* [DESCRIPTION OF THE TASK]: Please restate each entry exactly, without skipping any.

* [DATA EXTRACTS]:
━━━
(* Let $(J,|\cdot|)$ be a graded index set, $(\omega_k)_{k\in\mathbb{N}}$ a convex growth family and $B$ a Banach space. Then the direct limit $\ell^\infty_{\rightarrow}(J,B)$ is compactly regular: for every compact set $K\subseteq\ell^\infty_{\rightarrow}(J,B)$ there is $k\in\mathbb{N}$ such that $K$ is a compact subset of $\ell^\infty_k(J,B)$.
   Context: A graded index set is a set $J$ with a map $|\cdot|\colon J\to\mathbb{N}_0$. Growth family $(\omega_k)_{k\in\mathbb{N}}$, $\omega_k\colon\mathbb{N}_0\to\mathbb{N}$: (W1) $\omega_k(0)=1$, $\omega_k(n)\le\omega_{k+1}(n)$; (W2) $\omega_k(n)\omega_k(m)\le\omega_k(n+m)$; (W3) for each $k_1$ some $k_2\ge k_1$ with $\omega_{k_2}(n)\ge2^n\omega_{k_1}(n)$ for all $n$; convex: $k_2$ can be chosen so that for each $k_3\ge k_2$ some $\alpha\in]0,1[$ gives $\omega_{k_1}(n)^\alpha\omega_{k_3}(n)^{1-\alpha}\le\omega_{k_2}(n)$ for all $n$. $\ell^\infty_k(J,B)$ is the Banach space of $f\colon J\to B$ with $\|f\|_{\ell^\infty_k}=\sup_\tau\|f(\tau)\|/\omega_k(|\tau|)<\infty$; $\ell^\infty_{\rightarrow}(J,B)=\bigcup_k\ell^\infty_k(J,B)$ with the locally convex direct limit topology. *)

From HB Require Import structures.
From mathcomp Require Import all_boot all_order all_algebra.
From mathcomp Require Import all_classical all_reals all_analysis.
Set Implicit Arguments. Unset Strict Implicit. Unset Printing Implicit Defensive.
Import Order.TTheory GRing.Theory Num.Theory.
Import numFieldNormedType.Exports.
Local Open Scope classical_set_scope.
Local Open Scope ring_scope.

Definition growth_family (om : nat -> nat -> nat) : Prop :=
  [/\ (forall k n, (0 < om k n)%N),
      (forall k, om k 0%N = 1%N) /\ (forall k n, (om k n <= om k.+1 n)%N),
      (forall k n m, (om k n * om k m <= om k (n + m))%N)
    & (forall k1, exists k2, (k1 <= k2)%N /\
         forall n, (2 ^ n * om k1 n <= om k2 n)%N)].                        (* W3 *)

Definition convex_growth_family (R : realType) (om : nat -> nat -> nat) : Prop :=
  growth_family om /\
  forall k1, exists k2, [/\ (k1 <= k2)%N,
     (forall n, (2 ^ n * om k1 n <= om k2 n)%N)
   & forall k3, (k2 <= k3)%N -> exists alpha : R, 0 < alpha < 1 /\
       forall n, ((om k1 n)%:R `^ alpha) * ((om k3 n)%:R `^ (1 - alpha))
                   <= (om k2 n)%:R :> R].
━━━
* [EXERCISE RESPONSE]:
(* Let $(J,|\cdot|)$ be a graded index set, $(\omega_k)_{k\in\mathbb{N}}$ a convex growth family and $B$ a Banach space. Then the direct limit $\ell^\infty_{\rightarrow}(J,B)$ is compactly regular: for every compact set $K\subseteq\ell^\infty_{\rightarrow}(J,B)$ there is $k\in\mathbb{N}$ such that $K$ is a compact subset of $\ell^\infty_k(J,B)$.
   Context: A graded index set is a set $J$ with a map $|\cdot|\colon J\to\mathbb{N}_0$. Growth family $(\omega_k)_{k\in\mathbb{N}}$, $\omega_k\colon\mathbb{N}_0\to\mathbb{N}$: (W1) $\omega_k(0)=1$, $\omega_k(n)\le\omega_{k+1}(n)$; (W2) $\omega_k(n)\omega_k(m)\le\omega_k(n+m)$; (W3) for each $k_1$ some $k_2\ge k_1$ with $\omega_{k_2}(n)\ge2^n\omega_{k_1}(n)$ for all $n$; convex: $k_2$ can be chosen so that for each $k_3\ge k_2$ some $\alpha\in]0,1[$ gives $\omega_{k_1}(n)^\alpha\omega_{k_3}(n)^{1-\alpha}\le\omega_{k_2}(n)$ for all $n$. $\ell^\infty_k(J,B)$ is the Banach space of $f\colon J\to B$ with $\|f\|_{\ell^\infty_k}=\sup_\tau\|f(\tau)\|/\omega_k(|\tau|)<\infty$; $\ell^\infty_{\rightarrow}(J,B)=\bigcup_k\ell^\infty_k(J,B)$ with the locally convex direct limit topology. *)

From HB Require Import structures.
From mathcomp Require Import all_boot all_order all_algebra.
From mathcomp Require Import all_classical all_reals all_analysis.
Set Implicit Arguments. Unset Strict Implicit. Unset Printing Implicit Defensive.
Import Order.TTheory GRing.Theory Num.Theory.
Import numFieldNormedType.Exports.
Local Open Scope classical_set_scope.
Local Open Scope ring_scope.

Definition growth_family (om : nat -> nat -> nat) : Prop :=
  [/\ (forall k n, (0 < om k n)%N),
      (forall k, om k 0%N = 1%N) /\ (forall k n, (om k n <= om k.+1 n)%N),
      (forall k n m, (om k n * om k m <= om k (n + m))%N)
    & (forall k1, exists k2, (k1 <= k2)%N /\
         forall n, (2 ^ n * om k1 n <= om k2 n)%N)].                        (* W3 *)

Definition convex_growth_family (R : realType) (om : nat -> nat -> nat) : Prop :=
  growth_family om /\
  forall k1, exists k2, [/\ (k1 <= k2)%N,
     (forall n, (2 ^ n * om k1 n <= om k2 n)%N)
   & forall k3, (k2 <= k3)%N -> exists alpha : R, 0 < alpha < 1 /\
       forall n, ((om k1 n)%:R `^ alpha) * ((om k3 n)%:R `^ (1 - alpha))
                   <= (om k2 n)%:R :> R].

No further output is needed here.